幹線道路に近接している場合には、さらに基準値が緩和されます。
また空港が最寄りにある地域では、航空機騒音に係る環境基準が、別途設けられている場合もあります。
いずれにしても都道府県知事が委任された権限により、環境省の定めを下回る基準値を指定している場合があります。
そのため正確な地域類型や環境基準を確認するために、物件所在地の市区町村ホームページで公開されている環境基準を確認する必要があります。
時間区分についても同様です。
夜間 PM10:00~AM6:00
環境庁は昼間と夜間の時間帯につて、上記のように区分していますが、地域によっては昼間をAM8:00~19:00と区分している場合もあります。
確認を怠らない注意が必要です。
客観的証拠は不可欠
騒音の測定には専用の機器が必要です。
携帯アプリを利用すれば無料で騒音計をダウンロードできますし、通販サイトでも2,000円前後から販売されています。
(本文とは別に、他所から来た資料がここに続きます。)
(* Let $Y,\widehat{Y},A$ be $\{0,1\}$-valued random variables on a common probability space, with $\Pr\{A=a,Y=y\}>0$ for all $a,y\in\{0,1\}$. For $a\in\{0,1\}$ let $P_a(\widehat{Y})=\mathrm{convhull}\{(0,0),\gamma_a(\widehat{Y}),\gamma_a(1-\widehat{Y}),(1,1)\}\subseteq\mathbb{R}^2$. Then: (i) every predictor $\widetilde{Y}$ derived from $(\widehat{Y},A)$ satisfies $\gamma_a(\widetilde{Y})\in P_a(\widehat{Y})$ for all $a\in\{0,1\}$; and (ii) conversely, for any points $g_0\in P_0(\widehat{Y})$ and $g_1\in P_1(\widehat{Y})$ there exists a predictor $\widetilde{Y}$ derived from $(\widehat{Y},A)$ with $\gamma_0(\widetilde{Y})=g_0$ and $\gamma_1(\widetilde{Y})=g_1$.
   Context: For a $\{0,1\}$-valued predictor $Z$ and $a\in\{0,1\}$, $\gamma_a(Z)=\left(\Pr\{Z=1\mid A=a,Y=0\},\ \Pr\{Z=1\mid A=a,Y=1\}\right)$ (false positive rate and true positive rate within the group $A=a$). A predictor $\widetilde{Y}\in\{0,1\}$ is derived from $(\widehat{Y},A)$ if it is a possibly randomized function of $(\widehat{Y},A)$ alone, with the randomization independent of everything else; equivalently it is specified by the four numbers $\Pr\{\widetilde{Y}=1\mid \widehat{Y}=\hat y,A=a\}\in[0,1]$, $\hat y,a\in\{0,1\}$. *)

From HB Require Import structures.
From mathcomp Require Import all_boot all_order all_algebra.
From mathcomp Require Import all_classical all_reals all_analysis.
Set Implicit Arguments. Unset Strict Implicit. Unset Printing Implicit Defensive.
Import Order.TTheory GRing.Theory Num.Theory.
Local Open Scope classical_set_scope.
Local Open Scope ring_scope.

Section Defs.
Context {d : measure_display} {T : measurableType d} {R : realType}.

Definition pr (P : probability T R) (E : set T) : R := fine (P E).

Definition condPr (P : probability T R) (E F : set T) : R :=
  pr P (E `&` F) / pr P F.

Definition evAY (A Y : T -> bool) (a y : bool) : set T :=
  [set w | A w = a /\ Y w = y].

(* gamma_a(Z) = (Pr{Z=1 | A=a,Y=0}, Pr{Z=1 | A=a,Y=1}) for a {0,1}-valued
   predictor Z (true encodes 1) *)
Definition gamma (P : probability T R) (A Y Z : T -> bool) (a : bool) : R * R :=
  (condPr P [set w | Z w] (evAY A Y a false),
   condPr P [set w | Z w] (evAY A Y a true)).

(* A derived predictor Ytilde is specified by q : bool -> bool -> R with
   q yh a = Pr{Ytilde = 1 | Yhat = yh, A = a} in [0,1], the randomization being
   independent of everything else.  Its conditional probabilities are
   Pr{Ytilde=1 | A=a, Y=y}
     = sum_yh q yh a * Pr{Yhat=yh, A=a, Y=y} / Pr{A=a, Y=y}. *)
Definition derived_condPr (P : probability T R) (A Y Yh : T -> bool)
  (q : bool -> bool -> R) (a y : bool) : R :=
  (\sum_(yh : bool) q yh a * pr P ([set w | Yh w = yh] `&` evAY A Y a y))
  / pr P (evAY A Y a y).

Definition gamma_derived (P : probability T R) (A Y Yh : T -> bool)
  (q : bool -> bool -> R) (a : bool) : R * R :=
  (derived_condPr P A Y Yh q a false, derived_condPr P A Y Yh q a true).

Definition is_derived_rule (q : bool -> bool -> R) : Prop :=
  forall yh a, 0 <= q yh a <= 1.

End Defs.

Definition convhull4 {R : realType} (p0 p1 p2 p3 : R * R) : set (R * R) :=
  [set g | exists l0 l1 l2 l3 : R,
     [/\ 0 <= l0, 0 <= l1, 0 <= l2 & 0 <= l3] /\ l0 + l1 + l2 + l3 = 1 /\
     g = (l0 * p0.1 + l1 * p1.1 + l2 * p2.1 + l3 * p3.1,
          l0 * p0.2 + l1 * p1.2 + l2 * p2.2 + l3 * p3.2)].

Definition Pa {d : measure_display} {T : measurableType d} {R : realType}
  (P : probability T R) (A Y Yh : T -> bool) (a : bool) : set (R * R) :=
  convhull4 (0, 0) (gamma P A Y Yh a) (gamma P A Y (fun w => ~~ Yh w) a) (1, 1).

From HB Require Import structures.
From mathcomp Require Import all_boot all_order all_algebra.
From mathcomp Require Import all_classical all_reals all_analysis.
From mathcomp Require Import ring lra.
Set Implicit Arguments. Unset Strict Implicit. Unset Printing Implicit Defensive.
Import Order.TTheory GRing.Theory Num.Theory.
Local Open Scope classical_set_scope.
Local Open Scope ring_scope.

(* Since gamma_a(1 - Yhat) = (1,1) - gamma_a(Yhat), a derived predictor that
   outputs 1 with probability s when Yhat = 1 and with probability t when
   Yhat = 0 has gamma_a = s gamma_a(Yhat) + t ((1,1) - gamma_a(Yhat)).  As s, t
   range over [0,1] these points sweep out exactly the parallelogram with
   vertices (0,0), gamma_a(Yhat), gamma_a(1 - Yhat), (1,1), and the rule can be
   chosen independently for the two groups. *)

Definition mix_compl {R : realType} (s t : R) (p : R * R) : R * R :=
  (s * p.1 + t * (1 - p.1), s * p.2 + t * (1 - p.2)).

Lemma convhull4_complP (R : realType) (p g : R * R) :
  convhull4 (0, 0) p (1 - p.1, 1 - p.2) (1, 1) g <->
  exists s t : R, [/\ 0 <= s <= 1, 0 <= t <= 1 & g = mix_compl s t p].
Proof.
split.
  move=> [l0 [l1 [l2 [l3 [[l0_ge0 l1_ge0 l2_ge0 l3_ge0] [l_sum1 ->]]]]]].
  exists (l1 + l3), (l2 + l3); split; try (apply/andP; split; lra).
  by rewrite /mix_compl /=; congr pair; ring.
move=> [s [t [/andP[s_ge0 s_le1] /andP[t_ge0 t_le1] ->]]].
have [t_le_s | s_lt_t] := leP t s.
  exists (1 - s), (s - t), 0, t; split; [split; lra | split; first by ring].
  by rewrite /mix_compl /=; congr pair; ring.
exists (1 - t), 0, (t - s), s; split; [split; lra | split; first by ring].
by rewrite /mix_compl /=; congr pair; ring.
Qed.

Section ConditionalProbability.
Context {d : measure_display} {T : measurableType d} {R : realType}.
Variable P : probability T R.

Lemma measurable_bool_preimage (X : T -> bool) (b : bool) :
  measurable_fun [set: T] X -> measurable [set w | X w = b].
Proof. by move=> mX; have := mX measurableT [set b] I; rewrite setTI. Qed.

Lemma pr_gt0 (E : set T) : measurable E -> (0 < P E)%E -> 0 < pr P E.
Proof.
move=> mE PE_gt0; apply: fine_gt0; rewrite PE_gt0 /=.
by rewrite (le_lt_trans (probability_le1 P mE)) ?ltry.
Qed.

Lemma pr_setDI (E B : set T) : measurable E -> measurable B ->
  pr P E = pr P (E `\` B) + pr P (E `&` B).
Proof.
move=> mE mB; rewrite /pr (measureDI P mE mB) fineD //.
  by apply: fin_num_measure; exact: measurableD.
by apply: fin_num_measure; exact: measurableI.
Qed.

Lemma condPrC (B F : set T) : measurable B -> measurable F -> pr P F != 0 ->
  condPr P (~` B) F = 1 - condPr P B F.
Proof.
move=> mB mF PF_neq0.
rewrite /condPr (setIC (~` B)) -setDE (setIC B).
by move: PF_neq0; rewrite (pr_setDI mF mB) => PF_neq0; field.
Qed.

End ConditionalProbability.

Section DerivedPredictor.
Context {d : measure_display} {T : measurableType d} {R : realType}.
Variables (P : probability T R) (A Y X : T -> bool).
Hypotheses (mA : measurable_fun [set: T] A) (mY : measurable_fun [set: T] Y)
  (mX : measurable_fun [set: T] X).
Hypothesis evAY_gt0 : forall a y, (0 < P (evAY A Y a y))%E.

Let measurable_evAY a y : measurable (evAY A Y a y).
Proof.
by apply: measurableI; apply: measurable_bool_preimage.
Qed.

Let measurable_X : measurable [set w | X w].
Proof. exact: measurable_bool_preimage. Qed.

Let condPrC_evAY a y :
  condPr P (~` [set w | X w]) (evAY A Y a y) =
  1 - condPr P [set w | X w] (evAY A Y a y).
Proof. by rewrite condPrC // gt_eqF // pr_gt0. Qed.

Lemma gamma_negb a :
  gamma P A Y (fun w => ~~ X w) a =
  (1 - (gamma P A Y X a).1, 1 - (gamma P A Y X a).2).
Proof.
rewrite /gamma; have -> : [set w | ~~ X w] = ~` [set w | X w].
  by apply/seteqP; split => w /=; case: (X w).
by rewrite !condPrC_evAY.
Qed.

Lemma gamma_derivedE (q : bool -> bool -> R) a :
  gamma_derived P A Y X q a = mix_compl (q true a) (q false a) (gamma P A Y X a).
Proof.
rewrite /gamma_derived /derived_condPr !big_bool.
have -> : [set w | X w = false] = ~` [set w | X w].
  by apply/seteqP; split => w /=; case: (X w).
by rewrite /mix_compl -!condPrC_evAY /gamma /condPr /= !mulrDl !mulrA.
Qed.

End DerivedPredictor.

Theorem lemma4p3 (d : measure_display) (T : measurableType d) (R : realType)
  (P : probability T R) (Y Yh A : T -> bool)
  (mY : measurable_fun [set: T] Y) (mYh : measurable_fun [set: T] Yh)
  (mA : measurable_fun [set: T] A)
  (hpos : forall a y : bool, (0 < P (evAY A Y a y))%E) :
  (forall q : bool -> bool -> R, is_derived_rule q ->
     forall a : bool, Pa P A Y Yh a (gamma_derived P A Y Yh q a)) /\
  (forall g0 g1 : R * R, Pa P A Y Yh false g0 -> Pa P A Y Yh true g1 ->
     exists q : bool -> bool -> R, is_derived_rule q /\
       gamma_derived P A Y Yh q false = g0 /\
       gamma_derived P A Y Yh q true = g1).
Proof.
have PaP a g : Pa P A Y Yh a g <->
    exists s t : R, [/\ 0 <= s <= 1, 0 <= t <= 1 & g = mix_compl s t (gamma P A Y Yh a)].
  by rewrite /Pa gamma_negb //; exact: convhull4_complP.
split=> [q q01 a | g0 g1 /PaP[s0 [t0 [s0_01 t0_01 ->]]] /PaP[s1 [t1 [s1_01 t1_01 ->]]]].
  by apply/PaP; exists (q true a), (q false a); rewrite gamma_derivedE.
exists (fun yh a => if a then (if yh then s1 else t1) else (if yh then s0 else t0)).
by split; [case; case | rewrite !gamma_derivedE].
Qed.
(* Let $V=\{1,\dots,n\}$ and let $H=(V,E)$ with $E=\{e\subseteq V : 2\le|e|\le 3\}$. The toric ideal $I_H$ is generated by polynomials of degree $2$ and $3$ (quadrics and cubics). In particular, for $H'=(V,E')$ with $E'=\{e\subseteq V : |e|\ge 2\}$, the toric ideal $I_{H'}$ — which is the ideal of the image of the first tangential variety $\mathrm{Tan}((\mathbb P^1)^n)$ in higher cumulant coordinates — is generated in degrees $2$ and $3$.
   Context: For a hypergraph $H=(V,E)$ (edges are nonempty subsets of $V=\{1,\dots,n\}$, no repeated edges) and a field $K$, the toric ideal $I_H$ is the kernel of the $K$-algebra homomorphism $K[t_e : e\in E]\to K[x_1,\dots,x_n]$, $t_e\mapsto\prod_{j\in e}x_j$. By a result of Sturmfels and Zwiernik, the set of polynomials vanishing on the image of $\mathrm{Tan}((\mathbb P^1)^n)$ in higher cumulants is exactly $I_{H'}$ for the hypergraph $H'$ whose edges are all subsets of $V$ of size at least $2$. *)

From HB Require Import structures.
From mathcomp Require Import all_boot all_algebra.
From mathcomp Require Import mpoly.
Set Implicit Arguments. Unset Strict Implicit. Unset Printing Implicit Defensive.
Import GRing.Theory.
Local Open Scope ring_scope.

(* A hypergraph on V = 'I_n (i.e. {1..n} relabelled as {0..n-1}) is given by
   its edge set E : {set {set 'I_n}} (edges are subsets, automatically without
   repetition).  The variables t_e of K[t_e : e in E] are indexed by
   'I_#|E| through the enumeration  enum_val : 'I_#|E| -> {set 'I_n}. *)

Definition edge_of (n : nat) (E : {set {set 'I_n}}) (i : 'I_#|E|) : {set 'I_n} :=
  enum_val i.

Definition toric_images (K : fieldType) (n : nat) (E : {set {set 'I_n}})
  : #|E|.-tuple {mpoly K[n]} :=
  [tuple \prod_(j in edge_of i) 'X_j | i < #|E|].

Definition toric_ideal (K : fieldType) (n : nat) (E : {set {set 'I_n}})
  (p : {mpoly K[#|E|]}) : Prop :=
  comp_mpoly (toric_images K E) p = 0.

Definition in_ideal_gen (R : comRingType) (G : seq R) (p : R) : Prop :=
  exists c : 'I_(size G) -> R, p = \sum_(i < size G) c i * G`_i.

Definition total_degree (k : nat) (R : ringType) (p : {mpoly R[k]}) : nat :=
  (msize p).-1.

Definition generated_in_degrees_2_3 (K : fieldType) (k : nat)
  (I : {mpoly K[k]} -> Prop) : Prop :=
  exists G : seq {mpoly K[k]},
    (forall g, g \in G -> g != 0 /\ (total_degree g = 2%N \/ total_degree g = 3%N)) /\
    (forall p, I p <-> in_ideal_gen G p).

Definition edges_2_3 (n : nat) : {set {set 'I_n}} :=
  [set e : {set 'I_n} | (2 <= #|e| <= 3)%N].

Definition edges_ge2 (n : nat) : {set {set 'I_n}} :=
  [set e : {set 'I_n} | (2 <= #|e|)%N].

From HB Require Import structures.
From mathcomp Require Import all_boot all_algebra.
From mathcomp Require Import mpoly.
From mathcomp Require Import zify ring.
Set Implicit Arguments. Unset Strict Implicit. Unset Printing Implicit Defensive.

(* A monomial of K[t_e] is a multiset l of edges (a list up to permutation),
   and it is sent to the monomial of K[x] whose exponent at the vertex v is
   the number of members of l containing v.  The toric ideal is therefore
   spanned by the binomials t^l1 - t^l2 with equal vertex degrees, and it
   suffices to connect l1 and l2 by moves exchanging at most three edges for
   at most three edges with the same vertex degrees.  Edges with four or more
   vertices are first split into pairs and one edge of size 2 or 3.  For lists
   of 2- and 3-edges, let c be a vertex of maximal degree and a one of maximal
   degree among the others: a single move on each side creates the edge {c, a},
   which is cancelled, and induction on the total size concludes. *)

Lemma mem_rem_neq (T : eqType) (x y : T) (s : seq T) :
  x != y -> x \in s -> x \in rem y s.
Proof.
move=> neq_xy xs; have [ys|/rem_id-> //] := boolP (y \in s).
by move: xs; rewrite (perm_mem (perm_to_rem ys)) inE (negbTE neq_xy).
Qed.

Section VertexDegrees.
Variable V : finType.
Implicit Types (e A B : {set V}) (l : seq {set V}) (x y v : V).

Lemma nat_in_setU1 x A v : x \notin A -> ((v \in x |: A) : nat) = (v == x) + (v \in A).
Proof. by move=> xA; rewrite in_setU1; case: eqP => [->|] //=; rewrite (negbTE xA). Qed.

Lemma nat_in_setD1 x A v : x \in A -> ((v \in A) : nat) = (v == x) + (v \in A :\ x).
Proof. by move=> xA; rewrite in_setD1; case: eqP => [->|] //=; rewrite xA. Qed.

Lemma nat_in_set2 x y v : x != y -> ((v \in [set x; y]) : nat) = (v == x) + (v == y).
Proof. by move=> neq_xy; rewrite in_set2; case: eqP => [->|] //=; rewrite (negbTE neq_xy). Qed.

Lemma nat_in_setU_disjoint A B v :
  [disjoint A & B] -> ((v \in A :|: B) : nat) = (v \in A) + (v \in B).
Proof.
move=> /disjoint_setI0 AB0; have : v \notin A :&: B by rewrite AB0 in_set0.
by rewrite in_setU in_setI; case: (v \in A); case: (v \in B).
Qed.

Lemma cardsD1_ge x A : #|A|.-1 <= #|A :\ x|.
Proof. by rewrite (cardsD1 x A); case: (x \in A); rewrite ?add0n ?add1n ?leq_pred. Qed.

Definition vdeg l v := count (fun e => v \in e) l.
Definition small l := all (fun e => 2 <= #|e| <= 3) l.
Definition weight l := sumn [seq #|e| | e <- l].

Lemma vdeg_cat l1 l2 v : vdeg (l1 ++ l2) v = vdeg l1 v + vdeg l2 v.
Proof. exact: count_cat. Qed.

Lemma vdeg_perm l1 l2 : perm_eq l1 l2 -> vdeg l1 =1 vdeg l2.
Proof. by move=> /permP pl v; rewrite /vdeg pl. Qed.

Lemma sum_vdeg l : \sum_v vdeg l v = weight l.
Proof.
elim: l => [|e l IHl] /=; first by rewrite big1.
rewrite big_split /= IHl; congr (_ + _).
by rewrite -sum1_card [RHS]big_mkcond; apply: eq_bigr => v _; case: (v \in e).
Qed.

Lemma weight_vdeg l1 l2 : vdeg l1 =1 vdeg l2 -> weight l1 = weight l2.
Proof. by move=> d12; rewrite -!sum_vdeg; apply: eq_bigr => v _; rewrite d12. Qed.

Lemma small_weight l : small l -> 2 * size l <= weight l <= 3 * size l.
Proof. by elim: l => [|e l IHl] //= /andP[/andP[e2 e3] /IHl]; rewrite /weight /=; lia. Qed.

Lemma all_mem_vdeg_le l x y :
  all (fun e => x \in e) l -> vdeg l x <= vdeg l y -> all (fun e => y \in e) l.
Proof. by rewrite !all_count => /eqP dx le_xy; rewrite eqn_leq count_size -dx. Qed.

Lemma exists_top_pair l : small l -> l != [::] ->
  exists c a, [/\ c != a, forall v, vdeg l v <= vdeg l c,
                  forall v, v != c -> vdeg l v <= vdeg l a & 0 < vdeg l a].
Proof.
case: l => [//|e l] /andP[/andP[e2 _] _] _.
have /card_gt0P [v0 _] : 0 < #|e| by lia.
have [c _ c_max] := @arg_maxnP _ v0 xpredT (vdeg (e :: l)) isT.
have /card_gt0P [i ie] : 0 < #|e :\ c| by move: e2; rewrite (cardsD1 c e); lia.
move: ie; rewrite in_setD1 => /andP[ic ie].
have [a ac a_max] := @arg_maxnP _ i (fun v => v != c) (vdeg (e :: l)) ic.
exists c, a; split.
- by rewrite eq_sym.
- by move=> v; apply: c_max.
- exact: a_max.
- by apply: leq_trans (a_max i ic); rewrite /vdeg /= ie.
Qed.

Lemma vdeg_inj_le1 l1 l2 : set0 \notin l1 -> set0 \notin l2 ->
  size l1 <= 1 -> size l2 <= 1 -> vdeg l1 =1 vdeg l2 -> l1 = l2.
Proof.
have vdeg1 e v : vdeg [:: e] v = (v \in e) by rewrite /vdeg /= addn0.
have nonempty e : set0 \notin [:: e] -> exists v, v \in e.
  by rewrite inE eq_sym => /set0Pn.
case: l1 => [|e1 [|? ?]] //; case: l2 => [|e2 [|? ?]] // n1 n2 _ _ d12.
- by have [v ve] := nonempty _ n2; move: (d12 v); rewrite vdeg1 ve.
- by have [v ve] := nonempty _ n1; move: (d12 v); rewrite vdeg1 ve.
- congr [:: _]; apply/setP => v.
  by move: (d12 v); rewrite !vdeg1; case: (v \in e1); case: (v \in e2).
Qed.

End VertexDegrees.

Definition admissible (V : finType) (E : {set {set V}}) := [/\
  forall e, e \in E -> 2 <= #|e|,
  forall e : {set V}, 2 <= #|e| <= 3 -> e \in E &
  forall e x y, e \in E -> 4 <= #|e| -> x \in e -> y \in e :\ x -> e :\ x :\ y \in E].

Section Moves.
(* [R l1 l2] stands for "the binomial t^l1 - t^l2 lies in the ideal generated
   by the binomials of degree at most 3"; only its closure properties matter. *)
Variables (V : finType) (E : {set {set V}}) (R : seq {set V} -> seq {set V} -> Prop).
Implicit Types (e f g h P : {set V}) (l s r rest : seq {set V}) (x u v c a : V).

Hypothesis E_adm : admissible E.

Hypothesis R_sym : forall {l1 l2}, R l1 l2 -> R l2 l1.
Hypothesis R_trans : forall {l1 l2 l3}, R l1 l2 -> R l2 l3 -> R l1 l3.
Hypothesis R_perm : forall {l1 l2}, perm_eq l1 l2 -> R l1 l2.
Hypothesis R_catl : forall l {l1 l2}, R l1 l2 -> R (l ++ l1) (l ++ l2).
Hypothesis R_short : forall {l1 l2}, all (mem E) l1 -> all (mem E) l2 ->
  size l1 <= 3 -> size l2 <= 3 -> vdeg l1 =1 vdeg l2 -> R l1 l2.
ですがアプリや廉価な商品の多くは、騒音を定量的に把握するだけの機能しか有していません。
データロガー付きで20,000円以上、拡張性に優れ低音周波測定機能などが付与された精密騒音計になると、最低でも100,000円以上する機種を選択する必要があります。
騒音の程度を知るだけなら、廉価な測定機で十分です。
しかし音の発生源を特定するためには解析が必要です。
たとえばマンションの天井や壁方向から音がする場合、短絡的に考えれば上階や隣室が音の発生源であると疑いたくなります。
ですがマンションの構造上、必ずしも真上の部屋や隣室が発生源であるとは限りません。
階下のエアコン室外機やピアノの音が、振動として床や壁を伝い発生している可能性が考えられるのです。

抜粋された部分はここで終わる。